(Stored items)
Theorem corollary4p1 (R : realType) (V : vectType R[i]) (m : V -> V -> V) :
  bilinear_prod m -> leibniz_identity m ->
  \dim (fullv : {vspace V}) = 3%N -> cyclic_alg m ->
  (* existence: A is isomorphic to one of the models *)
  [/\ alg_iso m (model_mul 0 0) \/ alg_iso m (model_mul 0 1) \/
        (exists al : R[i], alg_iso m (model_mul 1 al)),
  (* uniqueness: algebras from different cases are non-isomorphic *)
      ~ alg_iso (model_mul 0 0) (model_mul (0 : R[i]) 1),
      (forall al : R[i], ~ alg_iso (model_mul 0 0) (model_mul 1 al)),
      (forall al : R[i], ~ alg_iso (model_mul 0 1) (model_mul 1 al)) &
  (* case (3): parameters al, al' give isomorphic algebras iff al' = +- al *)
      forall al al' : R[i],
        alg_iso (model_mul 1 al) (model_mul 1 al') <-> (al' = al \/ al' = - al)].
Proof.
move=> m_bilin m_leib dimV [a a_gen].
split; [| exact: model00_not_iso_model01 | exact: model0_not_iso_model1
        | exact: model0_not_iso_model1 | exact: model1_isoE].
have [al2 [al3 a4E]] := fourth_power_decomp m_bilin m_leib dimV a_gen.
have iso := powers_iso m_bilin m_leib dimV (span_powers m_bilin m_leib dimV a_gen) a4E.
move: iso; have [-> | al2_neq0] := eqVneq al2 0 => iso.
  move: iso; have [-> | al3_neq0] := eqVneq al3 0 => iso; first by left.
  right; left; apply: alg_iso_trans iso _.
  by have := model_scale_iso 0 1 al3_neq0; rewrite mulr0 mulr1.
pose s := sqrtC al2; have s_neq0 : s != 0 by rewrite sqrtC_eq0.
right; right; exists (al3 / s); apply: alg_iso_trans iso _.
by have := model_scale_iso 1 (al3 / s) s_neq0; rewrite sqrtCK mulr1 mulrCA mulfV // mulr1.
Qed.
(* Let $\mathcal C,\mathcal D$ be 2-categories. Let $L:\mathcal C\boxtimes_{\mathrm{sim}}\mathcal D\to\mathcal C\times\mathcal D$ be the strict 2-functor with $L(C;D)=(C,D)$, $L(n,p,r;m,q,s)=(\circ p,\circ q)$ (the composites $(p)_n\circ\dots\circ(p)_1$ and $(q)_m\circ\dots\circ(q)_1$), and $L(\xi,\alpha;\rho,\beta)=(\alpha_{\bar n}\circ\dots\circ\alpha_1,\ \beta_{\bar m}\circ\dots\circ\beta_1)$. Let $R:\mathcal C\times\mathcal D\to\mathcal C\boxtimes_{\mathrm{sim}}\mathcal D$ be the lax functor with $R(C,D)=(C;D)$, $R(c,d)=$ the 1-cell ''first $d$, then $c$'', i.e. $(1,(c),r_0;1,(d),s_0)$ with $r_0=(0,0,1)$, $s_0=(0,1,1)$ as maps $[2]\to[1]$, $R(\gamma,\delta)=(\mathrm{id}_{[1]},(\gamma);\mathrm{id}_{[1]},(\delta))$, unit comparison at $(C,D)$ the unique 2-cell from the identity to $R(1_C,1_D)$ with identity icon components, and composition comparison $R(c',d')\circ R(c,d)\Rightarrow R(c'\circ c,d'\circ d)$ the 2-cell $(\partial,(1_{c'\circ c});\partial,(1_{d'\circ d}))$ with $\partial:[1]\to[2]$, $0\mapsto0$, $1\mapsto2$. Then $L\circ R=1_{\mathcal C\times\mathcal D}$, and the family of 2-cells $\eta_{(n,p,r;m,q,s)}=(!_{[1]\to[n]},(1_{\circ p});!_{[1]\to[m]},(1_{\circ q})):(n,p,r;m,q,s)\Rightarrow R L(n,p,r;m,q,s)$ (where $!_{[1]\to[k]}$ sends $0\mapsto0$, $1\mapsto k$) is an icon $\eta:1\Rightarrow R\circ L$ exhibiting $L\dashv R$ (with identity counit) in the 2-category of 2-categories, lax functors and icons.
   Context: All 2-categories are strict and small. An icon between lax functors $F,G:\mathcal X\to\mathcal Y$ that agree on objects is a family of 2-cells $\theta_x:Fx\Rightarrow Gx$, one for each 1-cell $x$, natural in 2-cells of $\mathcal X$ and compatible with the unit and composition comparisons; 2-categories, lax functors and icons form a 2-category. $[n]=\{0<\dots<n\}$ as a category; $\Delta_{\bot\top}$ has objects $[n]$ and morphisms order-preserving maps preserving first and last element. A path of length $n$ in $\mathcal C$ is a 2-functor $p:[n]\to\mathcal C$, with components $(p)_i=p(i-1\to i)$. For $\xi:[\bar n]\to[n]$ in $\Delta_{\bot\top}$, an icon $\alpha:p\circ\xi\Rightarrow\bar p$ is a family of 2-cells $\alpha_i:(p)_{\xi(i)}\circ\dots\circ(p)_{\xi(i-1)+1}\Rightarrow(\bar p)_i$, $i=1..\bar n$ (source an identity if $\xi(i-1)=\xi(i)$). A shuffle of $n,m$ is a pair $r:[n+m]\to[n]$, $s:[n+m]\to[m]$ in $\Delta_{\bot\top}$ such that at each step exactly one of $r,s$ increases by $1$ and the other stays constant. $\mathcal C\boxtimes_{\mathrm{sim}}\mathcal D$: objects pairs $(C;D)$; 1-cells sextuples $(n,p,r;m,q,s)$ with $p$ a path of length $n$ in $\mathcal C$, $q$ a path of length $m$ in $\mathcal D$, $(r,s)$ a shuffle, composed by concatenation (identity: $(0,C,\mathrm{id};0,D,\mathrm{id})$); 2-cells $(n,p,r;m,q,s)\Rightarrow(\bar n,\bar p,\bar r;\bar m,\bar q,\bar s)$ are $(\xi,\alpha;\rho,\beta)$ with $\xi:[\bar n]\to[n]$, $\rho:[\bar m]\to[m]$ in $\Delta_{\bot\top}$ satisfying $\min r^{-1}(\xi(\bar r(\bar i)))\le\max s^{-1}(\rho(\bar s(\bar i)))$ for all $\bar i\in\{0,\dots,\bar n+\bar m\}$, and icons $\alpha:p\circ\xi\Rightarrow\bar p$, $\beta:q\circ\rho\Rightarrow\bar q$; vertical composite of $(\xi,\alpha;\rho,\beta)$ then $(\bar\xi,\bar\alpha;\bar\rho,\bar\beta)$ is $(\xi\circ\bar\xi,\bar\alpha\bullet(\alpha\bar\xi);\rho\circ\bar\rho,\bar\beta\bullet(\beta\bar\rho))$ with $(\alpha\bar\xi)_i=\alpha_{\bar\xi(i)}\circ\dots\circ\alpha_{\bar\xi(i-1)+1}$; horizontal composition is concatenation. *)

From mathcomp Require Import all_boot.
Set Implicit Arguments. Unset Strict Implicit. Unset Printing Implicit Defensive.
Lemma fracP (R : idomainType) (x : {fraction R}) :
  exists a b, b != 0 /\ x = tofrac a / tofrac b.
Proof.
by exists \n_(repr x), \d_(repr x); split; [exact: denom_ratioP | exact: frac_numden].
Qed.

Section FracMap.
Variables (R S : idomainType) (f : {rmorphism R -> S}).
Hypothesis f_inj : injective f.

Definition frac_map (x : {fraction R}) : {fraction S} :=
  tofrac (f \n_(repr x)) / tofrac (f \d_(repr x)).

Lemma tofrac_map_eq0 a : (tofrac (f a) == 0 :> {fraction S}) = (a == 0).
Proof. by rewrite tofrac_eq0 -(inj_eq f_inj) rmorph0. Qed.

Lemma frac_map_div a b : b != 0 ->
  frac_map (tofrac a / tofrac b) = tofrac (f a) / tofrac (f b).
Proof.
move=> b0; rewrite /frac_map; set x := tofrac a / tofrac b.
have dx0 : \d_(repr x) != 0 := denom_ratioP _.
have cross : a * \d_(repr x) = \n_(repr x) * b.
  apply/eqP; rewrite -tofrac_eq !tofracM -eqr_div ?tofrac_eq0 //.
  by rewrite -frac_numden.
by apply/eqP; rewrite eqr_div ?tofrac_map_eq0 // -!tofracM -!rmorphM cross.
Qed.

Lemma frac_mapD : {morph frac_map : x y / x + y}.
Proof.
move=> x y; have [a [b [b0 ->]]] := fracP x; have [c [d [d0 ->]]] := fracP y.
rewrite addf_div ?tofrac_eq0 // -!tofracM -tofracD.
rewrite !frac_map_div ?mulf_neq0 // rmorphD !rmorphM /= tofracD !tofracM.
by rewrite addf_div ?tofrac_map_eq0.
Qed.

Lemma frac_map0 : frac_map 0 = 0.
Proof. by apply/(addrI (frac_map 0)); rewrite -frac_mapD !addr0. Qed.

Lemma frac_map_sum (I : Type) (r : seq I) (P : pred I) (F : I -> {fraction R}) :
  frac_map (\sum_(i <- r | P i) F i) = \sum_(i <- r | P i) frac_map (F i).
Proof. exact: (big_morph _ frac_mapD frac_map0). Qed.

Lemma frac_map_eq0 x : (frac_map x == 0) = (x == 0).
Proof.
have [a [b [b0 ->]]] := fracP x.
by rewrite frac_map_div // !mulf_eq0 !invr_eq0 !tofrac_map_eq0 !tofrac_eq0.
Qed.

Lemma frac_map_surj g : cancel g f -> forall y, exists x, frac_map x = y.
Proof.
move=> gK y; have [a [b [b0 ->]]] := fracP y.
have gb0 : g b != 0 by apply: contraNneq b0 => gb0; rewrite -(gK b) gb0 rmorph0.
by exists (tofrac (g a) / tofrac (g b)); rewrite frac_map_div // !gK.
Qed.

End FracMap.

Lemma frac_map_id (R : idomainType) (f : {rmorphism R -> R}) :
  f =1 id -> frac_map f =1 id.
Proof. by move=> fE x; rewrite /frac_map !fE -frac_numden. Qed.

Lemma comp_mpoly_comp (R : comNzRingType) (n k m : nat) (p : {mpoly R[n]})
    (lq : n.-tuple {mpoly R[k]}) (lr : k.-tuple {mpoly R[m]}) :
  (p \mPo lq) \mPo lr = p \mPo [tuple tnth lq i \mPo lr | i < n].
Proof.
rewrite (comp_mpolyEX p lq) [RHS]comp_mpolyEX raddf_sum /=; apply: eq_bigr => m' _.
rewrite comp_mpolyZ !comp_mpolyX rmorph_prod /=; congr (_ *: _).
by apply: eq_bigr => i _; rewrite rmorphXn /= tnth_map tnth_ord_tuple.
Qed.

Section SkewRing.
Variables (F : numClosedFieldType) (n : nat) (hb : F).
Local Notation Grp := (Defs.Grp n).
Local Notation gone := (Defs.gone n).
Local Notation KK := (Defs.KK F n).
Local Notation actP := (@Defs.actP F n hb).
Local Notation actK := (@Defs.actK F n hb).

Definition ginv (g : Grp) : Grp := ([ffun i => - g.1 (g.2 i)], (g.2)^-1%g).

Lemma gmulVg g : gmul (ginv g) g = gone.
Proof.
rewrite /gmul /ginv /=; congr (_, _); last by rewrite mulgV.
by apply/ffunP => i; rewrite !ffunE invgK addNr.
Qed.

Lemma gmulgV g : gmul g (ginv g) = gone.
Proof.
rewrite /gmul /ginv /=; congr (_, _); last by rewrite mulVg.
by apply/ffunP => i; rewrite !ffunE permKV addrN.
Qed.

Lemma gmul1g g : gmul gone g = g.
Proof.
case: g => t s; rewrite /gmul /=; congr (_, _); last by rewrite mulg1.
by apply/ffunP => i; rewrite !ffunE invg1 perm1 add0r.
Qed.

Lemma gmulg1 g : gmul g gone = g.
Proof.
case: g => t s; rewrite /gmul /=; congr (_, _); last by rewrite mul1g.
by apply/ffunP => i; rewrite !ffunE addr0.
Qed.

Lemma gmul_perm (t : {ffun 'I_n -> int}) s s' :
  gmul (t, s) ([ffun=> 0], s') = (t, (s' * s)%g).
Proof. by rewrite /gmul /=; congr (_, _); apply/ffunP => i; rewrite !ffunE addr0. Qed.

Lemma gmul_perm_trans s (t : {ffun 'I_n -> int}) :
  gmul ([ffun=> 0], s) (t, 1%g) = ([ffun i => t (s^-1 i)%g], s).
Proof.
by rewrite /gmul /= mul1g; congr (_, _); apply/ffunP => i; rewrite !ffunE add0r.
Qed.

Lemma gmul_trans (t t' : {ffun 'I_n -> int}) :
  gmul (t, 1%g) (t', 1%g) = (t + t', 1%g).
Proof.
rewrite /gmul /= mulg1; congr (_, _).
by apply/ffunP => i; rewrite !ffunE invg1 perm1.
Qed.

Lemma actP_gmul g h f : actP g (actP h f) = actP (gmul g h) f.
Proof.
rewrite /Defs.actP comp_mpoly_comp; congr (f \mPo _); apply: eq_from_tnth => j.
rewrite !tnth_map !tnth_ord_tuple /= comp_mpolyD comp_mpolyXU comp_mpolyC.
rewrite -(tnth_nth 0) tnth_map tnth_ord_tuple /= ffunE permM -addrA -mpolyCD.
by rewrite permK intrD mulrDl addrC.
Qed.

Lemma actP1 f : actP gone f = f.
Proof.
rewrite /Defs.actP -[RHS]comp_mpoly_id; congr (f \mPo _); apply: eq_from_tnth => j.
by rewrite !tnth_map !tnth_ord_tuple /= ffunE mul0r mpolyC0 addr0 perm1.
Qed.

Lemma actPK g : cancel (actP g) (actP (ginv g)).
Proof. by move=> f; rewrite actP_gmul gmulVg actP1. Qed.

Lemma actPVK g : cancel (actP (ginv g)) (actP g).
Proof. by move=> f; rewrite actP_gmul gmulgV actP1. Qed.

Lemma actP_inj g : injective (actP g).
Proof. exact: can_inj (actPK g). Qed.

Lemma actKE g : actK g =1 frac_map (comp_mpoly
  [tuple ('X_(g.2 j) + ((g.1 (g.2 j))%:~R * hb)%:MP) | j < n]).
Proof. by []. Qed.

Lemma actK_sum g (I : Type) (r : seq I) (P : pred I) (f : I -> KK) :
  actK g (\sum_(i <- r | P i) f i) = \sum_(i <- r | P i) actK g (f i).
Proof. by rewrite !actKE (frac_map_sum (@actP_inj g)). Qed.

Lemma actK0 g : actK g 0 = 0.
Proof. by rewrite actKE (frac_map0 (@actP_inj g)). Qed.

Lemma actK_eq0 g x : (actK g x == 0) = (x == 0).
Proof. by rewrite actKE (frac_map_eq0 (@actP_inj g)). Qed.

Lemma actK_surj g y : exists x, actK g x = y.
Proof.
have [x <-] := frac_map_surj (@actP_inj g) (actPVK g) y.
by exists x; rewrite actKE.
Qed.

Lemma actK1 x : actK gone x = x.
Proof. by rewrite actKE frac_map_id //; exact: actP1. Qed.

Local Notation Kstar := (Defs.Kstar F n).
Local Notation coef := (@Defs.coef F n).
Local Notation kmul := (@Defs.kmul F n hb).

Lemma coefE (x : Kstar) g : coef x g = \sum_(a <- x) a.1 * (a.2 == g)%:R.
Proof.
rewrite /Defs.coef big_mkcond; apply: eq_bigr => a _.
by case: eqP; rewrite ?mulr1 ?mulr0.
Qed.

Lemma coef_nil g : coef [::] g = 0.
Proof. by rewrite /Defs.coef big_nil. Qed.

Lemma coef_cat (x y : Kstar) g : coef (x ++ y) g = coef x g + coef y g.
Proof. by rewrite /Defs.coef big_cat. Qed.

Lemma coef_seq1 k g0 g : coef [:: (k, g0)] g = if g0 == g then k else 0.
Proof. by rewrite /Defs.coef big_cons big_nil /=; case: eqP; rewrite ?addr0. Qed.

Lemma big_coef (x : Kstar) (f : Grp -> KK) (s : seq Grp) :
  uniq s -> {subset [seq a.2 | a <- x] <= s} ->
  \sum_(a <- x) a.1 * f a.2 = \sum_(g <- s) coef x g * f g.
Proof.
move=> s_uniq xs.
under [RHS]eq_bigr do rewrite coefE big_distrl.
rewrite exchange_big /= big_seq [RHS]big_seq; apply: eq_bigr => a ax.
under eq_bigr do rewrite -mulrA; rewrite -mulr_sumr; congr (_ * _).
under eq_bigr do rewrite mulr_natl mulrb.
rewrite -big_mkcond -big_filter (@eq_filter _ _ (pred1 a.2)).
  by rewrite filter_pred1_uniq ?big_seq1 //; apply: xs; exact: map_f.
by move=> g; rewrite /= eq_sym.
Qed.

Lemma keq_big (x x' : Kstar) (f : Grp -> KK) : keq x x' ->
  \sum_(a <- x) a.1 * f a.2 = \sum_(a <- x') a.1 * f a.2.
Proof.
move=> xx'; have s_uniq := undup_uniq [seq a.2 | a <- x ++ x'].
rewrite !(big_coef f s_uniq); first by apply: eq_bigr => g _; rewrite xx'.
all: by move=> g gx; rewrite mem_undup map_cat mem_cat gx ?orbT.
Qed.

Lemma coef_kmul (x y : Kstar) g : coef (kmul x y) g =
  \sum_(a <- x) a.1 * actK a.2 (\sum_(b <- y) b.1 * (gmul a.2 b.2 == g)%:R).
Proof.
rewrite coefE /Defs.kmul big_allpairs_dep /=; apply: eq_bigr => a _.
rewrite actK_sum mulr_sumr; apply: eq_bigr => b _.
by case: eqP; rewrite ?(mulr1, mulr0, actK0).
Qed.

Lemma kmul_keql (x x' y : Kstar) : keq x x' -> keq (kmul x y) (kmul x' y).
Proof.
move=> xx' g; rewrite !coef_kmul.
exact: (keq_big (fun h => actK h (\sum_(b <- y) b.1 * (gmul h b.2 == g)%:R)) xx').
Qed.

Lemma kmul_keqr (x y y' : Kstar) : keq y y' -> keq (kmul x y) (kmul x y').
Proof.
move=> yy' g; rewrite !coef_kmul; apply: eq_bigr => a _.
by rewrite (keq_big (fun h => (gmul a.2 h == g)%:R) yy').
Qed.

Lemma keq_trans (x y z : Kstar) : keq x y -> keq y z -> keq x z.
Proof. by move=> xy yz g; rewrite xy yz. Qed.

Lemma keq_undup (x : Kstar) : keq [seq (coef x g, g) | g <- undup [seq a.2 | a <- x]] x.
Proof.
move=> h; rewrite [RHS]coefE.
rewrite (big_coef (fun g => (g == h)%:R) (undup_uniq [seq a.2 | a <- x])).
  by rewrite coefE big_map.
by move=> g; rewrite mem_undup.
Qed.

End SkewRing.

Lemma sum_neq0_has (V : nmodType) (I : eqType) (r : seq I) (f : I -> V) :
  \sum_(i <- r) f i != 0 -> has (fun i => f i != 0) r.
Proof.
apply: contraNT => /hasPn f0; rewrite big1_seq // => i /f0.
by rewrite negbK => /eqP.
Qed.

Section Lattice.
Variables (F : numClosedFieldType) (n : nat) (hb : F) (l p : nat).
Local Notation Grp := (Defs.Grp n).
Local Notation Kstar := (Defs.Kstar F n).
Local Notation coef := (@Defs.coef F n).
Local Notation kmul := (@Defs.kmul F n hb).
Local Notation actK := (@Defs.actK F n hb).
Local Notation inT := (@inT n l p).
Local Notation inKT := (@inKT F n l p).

> **WHAT IS NEEDED**: Please show every line above that includes the word "algebras".

> **WRITTEN ANSWER**:
  (* uniqueness: algebras from different cases are non-isomorphic *)
  (* case (3): parameters al, al' give isomorphic algebras iff al' = +- al *)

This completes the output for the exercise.